Over the past several months, al-Qaeda has retaliated by targeting the leaders of these independent groups and killing their members. Al-Qaeda "went too far," says the letter, "by killing 30 mujahideen brothers." In doing so, al-Qaeda is beginning to spark a wildfire of tribal vendettas that will be difficult to put out. Two weeks ago, the assassination of Harith Thahir al-Dari, the son of the sheik of the Zoba tribe, turned the powerful clan against al-Qaeda. Al-Dari is also the nephew of the leader of the Islamic Scholars Association, Harith al-Dari, and was a commander of the nationalist insurgent group the Brigades of the 1920 Revolution. Clashes, the letter says, are still going on between al-Qaeda and the nationalist Brigades of the 1920 Revolution in the Abu Ghraib area, west of Baghdad.

The letter from the Islamic Army of Iraq goes on to criticize the manner in which al-Qaeda has operated in Anbar, extorting money from the wealthy, killing civilians, demanding women cover their faces and calling anyone who opposes them "infidels." After listing all the ways al-Qaeda has been mistreating the citizens of Anbar and its comrades in arms, justifying each point with a verse from the Koran, the Islamic Army of Iraq appeals directly to Osama bin Laden, telling him he can no longer distance himself from the actions of his own organization, that he has duty to defend his honor and his faith, and he must "bring in line" his followers in Iraq.

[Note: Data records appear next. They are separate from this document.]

(* The transpose of A' : h' o pa => h along the equivalence: the slice cell
   h' => h' o (pq)a => h o qa over q, built from Ps' : 1 => pq. *)
Definition slice_transpose {s t : ob A} {z : ob C} {h : hom (F0 F s a) z} {h' : hom (F0 F t a) z}
  (p : hom s t) (q : hom t s) (Ps' : cell (id1 t) (comp1 p q))
  (A' : cell (comp1 h' (R1 F p a)) h) : cell h' (comp1 h (R1 F q a)) :=
  vcomp (hcomp A' (id2 (R1 F q a)))
   (vcomp (castc eq_refl (eq_sym (compR_eq FL h' q p)) (id2 _))
     (vcomp (hcomp (id2 h') (R2 F Ps' a)) (castc eq_refl (idR_eq FL a h') (id2 h')))).

Lemma slice_transpose_counit {s t : ob A} {z : ob C} {h : hom (F0 F s a) z} {h' : hom (F0 F t a) z}
  (p : hom s t) (q : hom t s) (Ps : cell (comp1 p q) (id1 t)) (Ps' : cell (id1 t) (comp1 p q))
  (A0 : cell h (comp1 h' (R1 F p a))) (A' : cell (comp1 h' (R1 F p a)) h) :
  vcomp Ps Ps' = id2 _ -> vcomp A0 A' = id2 _ ->
  slice_eq Ps (slice_comp A0 (slice_transpose p q Ps' A')) (slice_id h').
Proof.
  intros HP HA. unfold slice_eq, slice_comp, slice_id, slice_transpose.
  rewrite castc_vcomp.
  rewrite (vcompA (hcomp A0 _)), <- whiskR_vcomp, HA, hcomp_id2, vcomp_id2l.
  rewrite (vcompA (castc _ _ _)), castc_cancel, vcomp_id2l.
  rewrite vcompA, <- whiskL_vcomp, <- (R2_v _ _ _ _ FL), HP, (R2_id _ _ _ _ FL), hcomp_id2, vcomp_id2l.
  reflexivity.
Qed.

Lemma R2_triangle {s t : ob A} (p : hom s t) (q : hom t s)
  (Th : cell (comp1 q p) (id1 s)) (Ps : cell (comp1 p q) (id1 t)) :
  heq2 (hcomp (id2 p) Th) (hcomp Ps (id2 p)) ->
  heq2 (hcomp (id2 (R1 F p a)) (R2 F Th a)) (hcomp (R2 F Ps a) (id2 (R1 F p a))).
Proof.
  intros HTh. rewrite <- !(R2_id _ _ _ _ FL).
  eapply eq_trans; [symmetry; apply (R2_h _ _ _ _ FL)|].
  eapply eq_trans; [apply heq2_R2, HTh|]. apply (R2_h _ _ _ _ FL).
Qed.

(* The transported triangle identity, whiskered by h' and written with the
   casts that appear when composing the transpose with a slice cell: the
   composite h' pa => h' (pq) pa => h' p (qp) a => h' pa is the identity. *)
Lemma slice_triangle {s t : ob A} {z : ob C} (h' : hom (F0 F t a) z)
  (p : hom s t) (q : hom t s) (Th : cell (comp1 q p) (id1 s))
  (Ps : cell (comp1 p q) (id1 t)) (Ps' : cell (id1 t) (comp1 p q)) :
  heq2 (hcomp (id2 p) Th) (hcomp Ps (id2 p)) -> vcomp Ps Ps' = id2 _ ->
  vcomp (hcomp (id2 (comp1 h' (R1 F p a))) (R2 F Th a))
   (vcomp (castc eq_refl (compR_eq FL (comp1 h' (R1 F p a)) p q) (id2 _))
    (vcomp (hcomp (castc eq_refl (eq_sym (compR_eq FL h' q p)) (id2 _)) (id2 (R1 F p a)))
     (vcomp (hcomp (hcomp (id2 h') (R2 F Ps' a)) (id2 (R1 F p a)))
        (hcomp (castc eq_refl (idR_eq FL a h') (id2 h')) (id2 (R1 F p a))))))
  = castc eq_refl (idR_eq FL a (comp1 h' (R1 F p a))) (id2 _).
Proof.
  intros HTh HP. apply heq2_eq. eapply eq_trans; [|symmetry; apply castc_heq].
  eapply eq_trans.
  { apply (heq2_vcomp _ _ (hcomp (id2 h') (hcomp (R2 F Ps a) (id2 (R1 F p a))))
                       (hcomp (id2 h') (hcomp (R2 F Ps' a) (id2 (R1 F p a))))).
    - rewrite <- hcomp_id2. eapply eq_trans; [symmetry; apply hcompA|].
      apply heq2_hcomp; [reflexivity|]. exact (R2_triangle p q Th Ps HTh).
    - eapply eq_trans; [eapply heq2_vcomp_idl; apply castc_heq|].
      eapply eq_trans; [eapply heq2_vcomp_idl|].
      { eapply eq_trans; [eapply heq2_hcomp; [apply castc_heq | reflexivity]|].
        rewrite hcomp_id2. reflexivity. }
      eapply eq_trans; [eapply heq2_vcomp_idr|].
      { eapply eq_trans; [eapply heq2_hcomp; [apply castc_heq | reflexivity]|].
        rewrite hcomp_id2. reflexivity. }
      symmetry. apply hcompA. }
  rewrite <- whiskL_vcomp, <- whiskR_vcomp, <- (R2_v _ _ _ _ FL), HP, (R2_id _ _ _ _ FL), !hcomp_id2.
  rewrite (R1_id FL t a), (c_idl (c2l C)). reflexivity.
Qed.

This development comes at a time when al-Qaeda in Mesopotamia is already feeling pressure in the restive Anbar province, a longtime stronghold for the organization west of Baghdad. A U.S.-backed consortium of tribal sheiks, known as the Anbar Salvation Council, fed up with al-Qaeda's indifference to civilian deaths and hard-line enforcement of sharia law in their hamlets, has been given a free hand to push the network out of Anbar. On Friday the council announced it had killed four al-Qaeda operatives and found a large cache of documents in a safe house that contains letters between al-Qaeda cell members and their leaders as well as detailed files on various targeted residents of Ramadi, imams of mosques and university students. "Our work," read the statement from the sheik heading up the council, "continues until we finish them all."